Vertrauen ist ein wertvolles Gut. Verschweigen trägt dazu nicht bei.

Nachtrag:

N-tv bestätigt, wie unser Leserbrief behauptet, dass in einer Telefon-Umfrage 92 % der Befragten angaben, der Islam gehöre nicht zu Deutschland.

Die Umfrage sei weder valide noch repräsentativ und sei veröffentlicht worden. Aus Aktualitätsgründen habe sie anderen Informationsstücken weichen müssen. Der Leserbrief steht hier unter Kommentaren. Auch solche Verhaltensweisen werden heute kritisch verfolgt. 

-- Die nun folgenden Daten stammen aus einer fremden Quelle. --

(* Let $E,E'\subset[0,1]$ be an $s$-regular set and a $t$-regular set respectively, with $s<t$, and suppose $\{0,1\}\subset E$. Then there is a map $f:[0,1]\to[0,1]$ which is bi-Lipschitz onto its image and satisfies $f(E)\subset E'$.
   Context: A compact set $E\subset\mathbb{R}$ is $s$-regular (Ahlfors $s$-regular) if there is a Borel measure $\kappa$ supported on $E$ and constants $0<c\le C$ with $c\,r^s\le\kappa(B(x,r))\le C\,r^s$ for all $x\in E$ and $0<r\le\mathrm{diam}(E)$. A map $f$ is bi-Lipschitz onto its image if $L^{-1}|x-y|\le|f(x)-f(y)|\le L|x-y|$ for all $x,y$, for some $L\ge1$. *)

From HB Require Import structures.
From mathcomp Require Import all_boot all_order all_algebra.
From mathcomp Require Import all_classical all_reals all_analysis.
Set Implicit Arguments. Unset Strict Implicit. Unset Printing Implicit Defensive.
Import Order.TTheory GRing.Theory Num.Theory.
Import numFieldNormedType.Exports.
Local Open Scope classical_set_scope.
Local Open Scope ring_scope.

Definition diam {R : realType} (E : set R) : R :=
  sup [set `|x - y| | x in E & y in E].

Definition ahlfors_regular {R : realType} (s : R) (E : set R) : Prop :=
  compact E /\ 0 < diam E /\
  exists (kappa : {measure set R -> \bar R}) (c C : R),
    kappa (~` E) = 0%E /\ 0 < c /\ c <= C /\
    forall x r, E x -> 0 < r -> r <= diam E ->
      ((c * r `^ s)%:E <= kappa (ball x r))%E /\
      (kappa (ball x r) <= (C * r `^ s)%:E)%E.

Definition bilipschitz_on {R : realType} (A : set R) (f : R -> R) : Prop :=
  exists L : R, 1 <= L /\
    forall x y, A x -> A y ->
      L^-1 * `|x - y| <= `|f x - f y| /\ `|f x - f y| <= L * `|x - y|.

From HB Require Import structures.
From mathcomp Require Import all_boot all_order all_algebra.
From mathcomp Require Import all_classical all_reals all_analysis.
From mathcomp Require Import zify ring lra.
Import Order.TTheory GRing.Theory Num.Theory.
Import numFieldNormedType.Exports.
Local Open Scope classical_set_scope.
Local Open Scope ring_scope.

Set Implicit Arguments.
Unset Strict Implicit.
Unset Printing Implicit Defensive.

Local Notation measurable_ball := measurable_realfun.measurable_ball.

(* Call two points of [E] d-linked when no gap of [E] longer than [d] separates
   them.  Because [s < 1], regularity of [E] forces d-linked points to lie
   within [K * d] of each other (a long gap-free stretch of [E] would carry too
   many disjoint balls), so each d-class splits into boundedly many classes at
   scale [d / (2 m)].  Because [t > s], around every point of [E'] a ball of
   radius [r] contains of the order of [m ^ t] points of [E'] that are
   [r / m]-separated, which for large [m] is more than the number of
   subclasses.  Sending the classes of [E] at scale [(2 m) ^ -k] in increasing
   order to such points, nested in [k], codes each [x] in [E] by a Cauchy
   sequence of [E'] whose limit is a bi-Lipschitz map on [E]; linear
   interpolation across the gaps of [E] extends it to [[0, 1]]. *)

Lemma closed_mem_of_approx (R : realType) (A : set R) (x : R) : closed A ->
  (forall e : R, 0 < e -> exists a, A a /\ `|x - a| < e) -> A x.
Proof.
move=> cA approx; apply: contrapT => nAx.
have : open (~` A) by exact: closed_openC.
rewrite openE => /(_ x nAx) /nbhs_ballP[e /= e0 sub].
have [a [Aa xa]] := approx e e0.
exact: sub a xa Aa.
Qed.

Lemma powR_nat_unbounded (R : realType) (a A : R) (n0 : nat) : 0 < a ->
  exists m : nat, (n0 <= m)%N /\ A < m%:R `^ a.
Proof.
move=> a0; set X := (`|A| + 1) `^ a^-1.
exists (Num.trunc X + n0.+1)%N; split; first by rewrite addnS ltnW // ltnS leq_addl.
have X0 : 0 <= X by apply: powR_ge0.
have Xm : X < (Num.trunc X + n0.+1)%:R.
  by apply: lt_le_trans (truncnS_gt X) _; rewrite ler_nat addnS ltnS leq_addr.
apply: le_lt_trans (_ : A <= X `^ a) (gt0_ltr_powR _ _ _ Xm) => //; last first.
  by rewrite nnegrE ler0n.
rewrite /X -powRrM mulVf ?gt_eqF // powRr1; last by rewrite addr_ge0.
by apply: le_trans (ler_norm A) _; rewrite lerDl.
Qed.

Lemma sorted_ltn_nth_gap (S : seq nat) a b : sorted ltn S -> (a <= b)%N ->
  (b < size S)%N -> (nth 0 S a + (b - a) <= nth 0 S b)%N.
Proof.
move=> sS; elim: b => [|b IH]; first by rewrite leqn0 => /eqP ->; rewrite addn0.
rewrite leq_eqVlt => /orP [/eqP ->|]; first by rewrite subnn addn0.
rewrite ltnS => ab bS.
have := IH ab (ltnW bS).
have : (nth 0 S b < nth 0 S b.+1)%N.
  by apply: (sorted_ltn_nth ltn_trans) => //; rewrite inE // ltnW.
rewrite subSn //; lia.
Qed.

Lemma measure_big_setU_le d (T : measurableType d) (R : realFieldType)
    (mu : {measure set T -> \bar R}) (I : eqType) (l : seq I) (B : I -> set T) a :
  (forall j, measurable (B j)) -> (forall j, j \in l -> (mu (B j) <= a%:E)%E) ->
  (mu (\big[setU/set0]_(j <- l) B j) <= ((size l)%:R * a)%:E)%E.
Proof.
move=> mB; elim: l => [|j l IH] Bl; first by rewrite big_nil measure0 mul0r.
rewrite big_cons.
apply: le_trans (measureU2 mu (mB j) (bigsetU_measurable _ (fun i _ => mB i))) _.
rewrite /= -addn1 natrD mulrDl mul1r EFinD addeC; apply: leeD.
  by apply: Bl; rewrite in_cons eqxx.
by apply: IH => i il; apply: Bl; rewrite in_cons il orbT.
Qed.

Özdemir mit der Sprache der Un-Menschen

Nun kann man ja sagen, das sind halt Leser, die wir nicht wollen. Cem Özdemir, der Grünen-Chef, beschimpft diese aus seiner Sicht so minderbemittelten Demonstranten in Dresden pauschal als „Mischpoke“. Nun ja, das Wort kommt aus dem jiddischen und bezeichnet Familie, Gemeinschaft, Bande und wird in Deutschland abwertend für jüdische Familien gebraucht. Schon bezeichnend, dass der Grünen-Chef sich aus der Sprachkammer des Nationalsozialismus bedient, um Menschen zu entwerten, die nicht seines Glaubens sind. Man sieht förmlich seine Koteletten zittern, wenn jemand seine Bande mit diesem von den Nazis so infam benutzten Begriffen belegt hätte. Aber das ist ein Seitenast – und doch ein Hauptast.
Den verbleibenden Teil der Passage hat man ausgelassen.